Furthermore, the armature 10 contact surface 1 is fixed to the operating spring 2.
3.14 are shifted from each other in the longitudinal direction of the operating spring 2, the distance between the common terminal 12 and the end of the abutting surface and the distance between the movable contact 7 and the end of the abutting surface change when the operating spring is activated and when it returns. Since the spring load is different between the two, the spring load becomes different, and the spring load upon contact with the normally closed contact can be weakened, the contact pressure can be increased, and the single operation can be made more reliable.

FIG. 12 shows the spring load and attraction force curves for armature travel of this relay corresponding to FIG.
The spring load generated by the fulcrum a and fulcrum A on the normally open) side,
The NC (normally closed) side is the spring load generated by the fulcrums C and d.

Curve X is an attractive force curve due to the impressed current of the coil, curve Y is an attractive force curve due to the open current of the coil, and curve 2 is an attractive force curve due to the rated current of the coil.

As described above, in the relay of the present invention, by arranging a pair of yokes with different gap areas at both ends facing each other or in opposite directions, a relay for latching operation and a relay for single operation can be assembled with the same parts, and This has the effect of reducing the number of parts and reducing the cost of various relays.

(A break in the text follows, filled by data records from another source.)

Lemma Cx_eq (z w : Cx) : fst z = fst w -> snd z = snd w -> z = w.
Proof. destruct z, w; simpl; intros; subst; reflexivity. Qed.

Lemma Cx_ring : ring_theory C0 C1 Cadd Cmul Csub Copp (@eq Cx).
Proof.
  constructor; intros; repeat match goal with x : Cx |- _ => destruct x end;
  unfold C0, C1, Cadd, Cmul, Csub, Copp; simpl; apply Cx_eq; simpl; ring.
Qed.
Add Ring Cx_ring : Cx_ring.

Definition Creal (x : R) : Cx := (x, 0).

Lemma Creal_mul x y : Cmul (Creal x) (Creal y) = Creal (x * y).
Proof. apply Cx_eq; simpl; ring. Qed.

Lemma Cnorm2_ge0 z : 0 <= Cnorm2 z.
Proof. unfold Cnorm2. nra. Qed.

Lemma Cnorm2_neq0 z : z <> C0 -> Cnorm2 z <> 0.
Proof.
  intros Hz H. apply Hz. destruct z as [x y]. unfold Cnorm2 in H; simpl in H.
  assert (x = 0) by nra. assert (y = 0) by nra. subst. reflexivity.
Qed.

Definition Cinv (z : Cx) : Cx := (fst z / Cnorm2 z, - snd z / Cnorm2 z).

Lemma Cinv_l z : z <> C0 -> Cmul (Cinv z) z = C1.
Proof.
  intros Hz. pose proof (Cnorm2_neq0 z Hz).
  destruct z as [x y]. unfold Cinv, Cmul, C1, Cnorm2 in *; simpl in *.
  apply Cx_eq; simpl; field; auto.
Qed.

Definition Cabs (z : Cx) : R := sqrt (Cnorm2 z).

Lemma Cabs_Cmod z : Cabs z = Complex.Cmod z.
Proof. unfold Cabs, Complex.Cmod, Cnorm2. f_equal. simpl. ring. Qed.

Lemma Cabs_ge0 z : 0 <= Cabs z.
Proof. apply sqrt_pos. Qed.

Lemma Cabs_gt0 z : z <> C0 -> 0 < Cabs z.
Proof.
  intros Hz. apply sqrt_lt_R0.
  pose proof (Cnorm2_neq0 z Hz). pose proof (Cnorm2_ge0 z). lra.
Qed.

Lemma Cabs_sqr z : Cabs z * Cabs z = Cnorm2 z.
Proof. apply sqrt_sqrt, Cnorm2_ge0. Qed.

Lemma Cabs_add z w : Cabs (Cadd z w) <= Cabs z + Cabs w.
Proof. rewrite !Cabs_Cmod. apply Complex.Cmod_triangle. Qed.

Lemma Cabs_mul z w : Cabs (Cmul z w) = Cabs z * Cabs w.
Proof. rewrite !Cabs_Cmod. apply Complex.Cmod_mult. Qed.

Lemma Cabs_C0 : Cabs C0 = 0.
Proof. unfold Cabs, Cnorm2, C0; simpl. replace (0 * 0 + 0 * 0) with 0 by ring. apply sqrt_0. Qed.

Lemma Cabs_Creal x : 0 <= x -> Cabs (Creal x) = x.
Proof.
  intros Hx. unfold Cabs, Cnorm2; simpl.
  replace (x * x + 0 * 0) with (Rsqr x) by (unfold Rsqr; ring). apply sqrt_Rsqr, Hx.
Qed.

Lemma Csum_ext k f g : (forall q, (q < k)%nat -> f q = g q) -> Csum k f = Csum k g.
Proof.
  induction k; simpl; intros H; [reflexivity|].
  rewrite IHk by (intros; apply H; lia). rewrite H by lia. reflexivity.
Qed.

Lemma Csum_zero k f : (forall q, (q < k)%nat -> f q = C0) -> Csum k f = C0.
Proof.
  induction k; simpl; intros H; [reflexivity|].
  rewrite IHk by (intros; apply H; lia). rewrite H by lia. ring.
Qed.

Lemma Csum_add_range i m f :
  Csum (i + m) f = Cadd (Csum i f) (Csum m (fun p => f (i + p)%nat)).
Proof.
  induction m; simpl.
  - rewrite Nat.add_0_r. ring.
  - rewrite Nat.add_succ_r. simpl. rewrite IHm. ring.
Qed.

Lemma Csum_sub k f g : Csum k (fun q => Csub (f q) (g q)) = Csub (Csum k f) (Csum k g).
Proof. induction k; simpl; [ring|]. rewrite IHk. ring. Qed.

Lemma Csum_single k f p : (p < k)%nat ->
  (forall q, (q < k)%nat -> q <> p -> f q = C0) -> Csum k f = f p.
Proof.
  induction k; intros Hp H; [lia|]. simpl. destruct (Nat.eq_dec p k).
  - subst. rewrite Csum_zero by (intros; apply H; lia). ring.
  - rewrite IHk by (try lia; intros; apply H; lia). rewrite (H k) by lia. ring.
Qed.

Lemma Csum_ends k f : (1 <= k)%nat -> (forall q, (0 < q < k)%nat -> f q = C0) ->
  Csum (S k) f = Cadd (f O) (f k).
Proof.
  intros Hk H. simpl. f_equal. apply Csum_single; [lia|]. intros; apply H; lia.
Qed.

Lemma Cabs_Csum k f : Cabs (Csum k f) <= Rsum k (fun q => Cabs (f q)).
Proof.
  induction k; simpl; [rewrite Cabs_C0; lra|].
  pose proof (Cabs_add (Csum k f) (f k)). lra.
Qed.

Lemma Rsum_ext k f g : (forall q, (q < k)%nat -> f q = g q) -> Rsum k f = Rsum k g.
Proof.
  induction k; simpl; intros H; [reflexivity|].
  rewrite IHk by (intros; apply H; lia). rewrite H by lia. reflexivity.
Qed.

Lemma Rsum_le k f g : (forall q, (q < k)%nat -> f q <= g q) -> Rsum k f <= Rsum k g.
Proof.
  induction k; simpl; intros H; [lra|].
  assert (f k <= g k) by (apply H; lia).
  assert (Rsum k f <= Rsum k g) by (apply IHk; intros; apply H; lia). lra.
Qed.

Lemma Rsum_ge0 k f : (forall q, (q < k)%nat -> 0 <= f q) -> 0 <= Rsum k f.
Proof.
  intros H. apply Rle_trans with (Rsum k (fun _ => 0)).
  - clear. induction k; simpl; lra.
  - apply Rsum_le, H.
Qed.

Lemma Rsum_ge_term k f p : (p < k)%nat -> (forall q, (q < k)%nat -> 0 <= f q) ->
  f p <= Rsum k f.
Proof.
  induction k; intros Hp H; [lia|]. simpl.
  assert (0 <= Rsum k f) by (apply Rsum_ge0; intros; apply H; lia).
  destruct (Nat.eq_dec p k); [subst; lra|].
  assert (f p <= Rsum k f) by (apply IHk; [lia | intros; apply H; lia]).
  assert (0 <= f k) by (apply H; lia). lra.
Qed.

Lemma Rsum_single k f p : (p < k)%nat ->
  (forall q, (q < k)%nat -> q <> p -> f q = 0) -> Rsum k f = f p.
Proof.
  induction k; intros Hp H; [lia|]. simpl. destruct (Nat.eq_dec p k).
  - subst. rewrite (Rsum_ext k f (fun _ => 0)) by (intros; apply H; lia).
    clear. induction k; simpl; lra.
  - rewrite IHk by (try lia; intros; apply H; lia). rewrite (H k) by lia. ring.
Qed.

Lemma Rsum_const k c : Rsum k (fun _ => c) = INR k * c.
Proof. induction k; simpl Rsum; [simpl; ring|]. rewrite IHk, S_INR; ring. Qed.

(** * Upper triangular Toeplitz matrices *)

(* [toep n a] is the element [sum_k a_k S^k] of the algebra. *)
Definition toep (n : nat) (a : nat -> Cx) : Mat :=
  fun i j => if (Nat.leb i j && Nat.ltb j n)%bool then a (j - i)%nat else C0.

Lemma toep_in n a i j : (i <= j)%nat -> (j < n)%nat -> toep n a i j = a (j - i)%nat.
Proof.
  intros; unfold toep.
  destruct (Nat.leb_spec i j); destruct (Nat.ltb_spec j n); simpl; auto; lia.
Qed.

Lemma toep_out n a i j : ~ ((i <= j)%nat /\ (j < n)%nat) -> toep n a i j = C0.
Proof.
  intros; unfold toep.
  destruct (Nat.leb_spec i j); destruct (Nat.ltb_spec j n); simpl; auto; lia.
Qed.

Lemma toep_row0 n a i : (i < n)%nat -> toep n a O i = a i.
Proof. intros; rewrite toep_in, Nat.sub_0_r by lia. reflexivity. Qed.

Lemma toep_ext n a b : (forall i, (i < n)%nat -> a i = b i) -> toep n a = toep n b.
Proof.
  intros H. extensionality i; extensionality j. unfold toep.
  destruct (Nat.leb_spec i j); destruct (Nat.ltb_spec j n); simpl; auto. apply H; lia.
Qed.

Definition conv (a b : nat -> Cx) (k : nat) : Cx :=
  Csum (S k) (fun q => Cmul (a q) (b (k - q)%nat)).

Lemma conv_ext a a' b b' k :
  (forall q, (q <= k)%nat -> a q = a' q) -> (forall q, (q <= k)%nat -> b q = b' q) ->
  conv a b k = conv a' b' k.
Proof. intros Ha Hb. apply Csum_ext. intros q Hq. rewrite Ha, Hb by lia. reflexivity. Qed.

Lemma toep_mul n a b : mmul n (toep n a) (toep n b) = toep n (conv a b).
Proof.
  extensionality i; extensionality j. unfold mmul.
  destruct (Compare_dec.le_dec i j) as [Hij|Hij];
    [destruct (Compare_dec.lt_dec j n) as [Hj|Hj]|].
  - rewrite toep_in by lia.
    replace n with (i + S (j - i) + (n - S j))%nat at 1 by lia.
    rewrite !Csum_add_range, (Csum_zero i), (Csum_zero (n - S j)).
    + unfold conv. rewrite (Csum_ext _ _ (fun q => Cmul (a q) (b (j - i - q)%nat))); [ring|].
      intros q Hq. rewrite !toep_in by lia. f_equal; f_equal; lia.
    + intros q Hq. rewrite (toep_out n b); [ring|lia].
    + intros q Hq. rewrite (toep_out n a); [ring|lia].
  - rewrite toep_out by lia. apply Csum_zero. intros q Hq.
    rewrite (toep_out n b); [ring|lia].
  - rewrite toep_out by lia. apply Csum_zero. intros q Hq.
    destruct (Compare_dec.le_dec i q).
    + rewrite (toep_out n b); [ring|lia].
    + rewrite (toep_out n a); [ring|lia].
Qed.

Lemma msub_toep n a b : msub (toep n a) (toep n b) = toep n (fun i => Csub (a i) (b i)).
Proof.
  extensionality i; extensionality j. unfold msub, toep.
  destruct (Nat.leb_spec i j); destruct (Nat.ltb_spec j n); simpl; auto; ring.
Qed.

(* The coefficient sequence of [v S^p]. *)
Definition mono (p : nat) (v : Cx) : nat -> Cx := fun i => if Nat.eqb i p then v else C0.

Lemma mono_eq p v : mono p v p = v.
Proof. unfold mono; rewrite Nat.eqb_refl; reflexivity. Qed.

Lemma mono_neq p v i : i <> p -> mono p v i = C0.
Proof. intros H; unfold mono; destruct (Nat.eqb_spec i p); [lia|reflexivity]. Qed.

Lemma conv_mono_l p t a k :
  conv (mono p t) a k = if Nat.leb p k then Cmul t (a (k - p)%nat) else C0.
Proof.
  unfold conv. destruct (Nat.leb_spec p k).
  - rewrite (Csum_single _ _ p), mono_eq; [reflexivity|lia|].
    intros q _ Hq. rewrite mono_neq by auto. ring.
  - apply Csum_zero. intros q Hq. rewrite mono_neq by lia. ring.
Qed.

Lemma conv_const_l t a k : conv (mono 0 t) a k = Cmul t (a k).
Proof. rewrite conv_mono_l, Nat.sub_0_r. reflexivity. Qed.

Lemma Sblock_toep n : Sblock n = toep n (mono 1 C1).
Proof.
  extensionality i; extensionality j. unfold Sblock, toep, mono.
  destruct (Nat.eqb_spec j (S i)); destruct (Nat.ltb_spec j n); destruct (Nat.leb_spec i j);
  destruct (Nat.eqb_spec (j - i) 1); simpl; auto; lia.
Qed.

Lemma mscalar_toep n a : mscalar n a = toep n (mono 0 a).
Proof.
  extensionality i; extensionality j. unfold mscalar, toep, mono.
  destruct (Nat.eqb_spec i j); destruct (Nat.ltb_spec i n); destruct (Nat.ltb_spec j n);
  destruct (Nat.leb_spec i j); destruct (Nat.eqb_spec (j - i) 0); simpl; auto; lia.
Qed.

Lemma poly_of_S_toep n c : poly_of_S n c = toep n (fun i => nth i c C0).
Proof.
  induction c as [|a c IH]; simpl.
  - extensionality i; extensionality j. unfold mzero, toep.
    destruct (_ && _)%bool; [destruct (j - i)%nat|]; reflexivity.
  - rewrite IH, Sblock_toep, mscalar_toep, toep_mul.
    extensionality i; extensionality j. unfold madd, toep.
    destruct (_ && _)%bool; [|ring].
    rewrite conv_mono_l. unfold mono. destruct (j - i)%nat; simpl; [|rewrite Nat.sub_0_r]; ring.
Qed.

Lemma inA_toep n M : inA n M -> M = toep n (fun i => M O i).
Proof.
  intros [c ->]. rewrite poly_of_S_toep. apply toep_ext. intros i Hi.
  rewrite toep_row0 by lia. reflexivity.
Qed.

[Brief explanation of drawings]

Fig. 1 is an exploded perspective view of a latching type relay according to an embodiment of the present invention, Fig. 2 is a horizontal sectional view of the assembled state, Fig. 3 is a sectional view taken along the line ■-■, and Fig. 4 is Fig. 8. X-
An X-ray cross-sectional view, FIG. 5 is an explanatory diagram of the operation of this relay, FIG. 6 is a spring load and attraction force curve for armature movement, and FIG. 7 is an exploded perspective view of the single type relay.
Figure 8 is a horizontal sectional view of the assembled state, Figure 9 is its IX
-IX sectional view, FIG. 10 is a sectional view taken along line XX in FIG. Ia, 1b... Armature, 2... Operating spring, 3
...Coil block, 4a, 4b...Yoke, 5.
...Permanent magnet, 6...Coil, 7...Movable contact, 8
... Normally closed fixed contact, 9... Normally open fixed contact.

Claims (1)

[Claims] 1. A strip-shaped operating spring whose base end is fixed and has movable contacts at both ends of the free end, and a pair of strip-shaped operating springs whose intermediate parts are each fixed to a predetermined width on both sides of the intermediate part of this operating spring, with both ends floating from the operating spring. an armature; a pair of yokes having a U-shape in plan view having different gap areas at both ends and facing each other in the operating direction of the operating spring with the armature in between; and having each gap surface facing both ends of the armature; , a permanent magnet interposed between the intermediate portions of these yokes with each magnetic pole facing each yoke, and a coil arranged so that the armature is located at the central axis, and in the case of latching characteristics, the gap between the yokes The yokes with the same area should face each other and the mounting positions of the pair of armatures to the operating springs should be the same, and in the case of a single characteristic, the yokes with different gap areas should face each other and the pair of armatures should be attached to the operating springs in the same position. A relay characterized in that the mounting position is shifted to the side where the gap area between the opposing yokes of each armature is larger.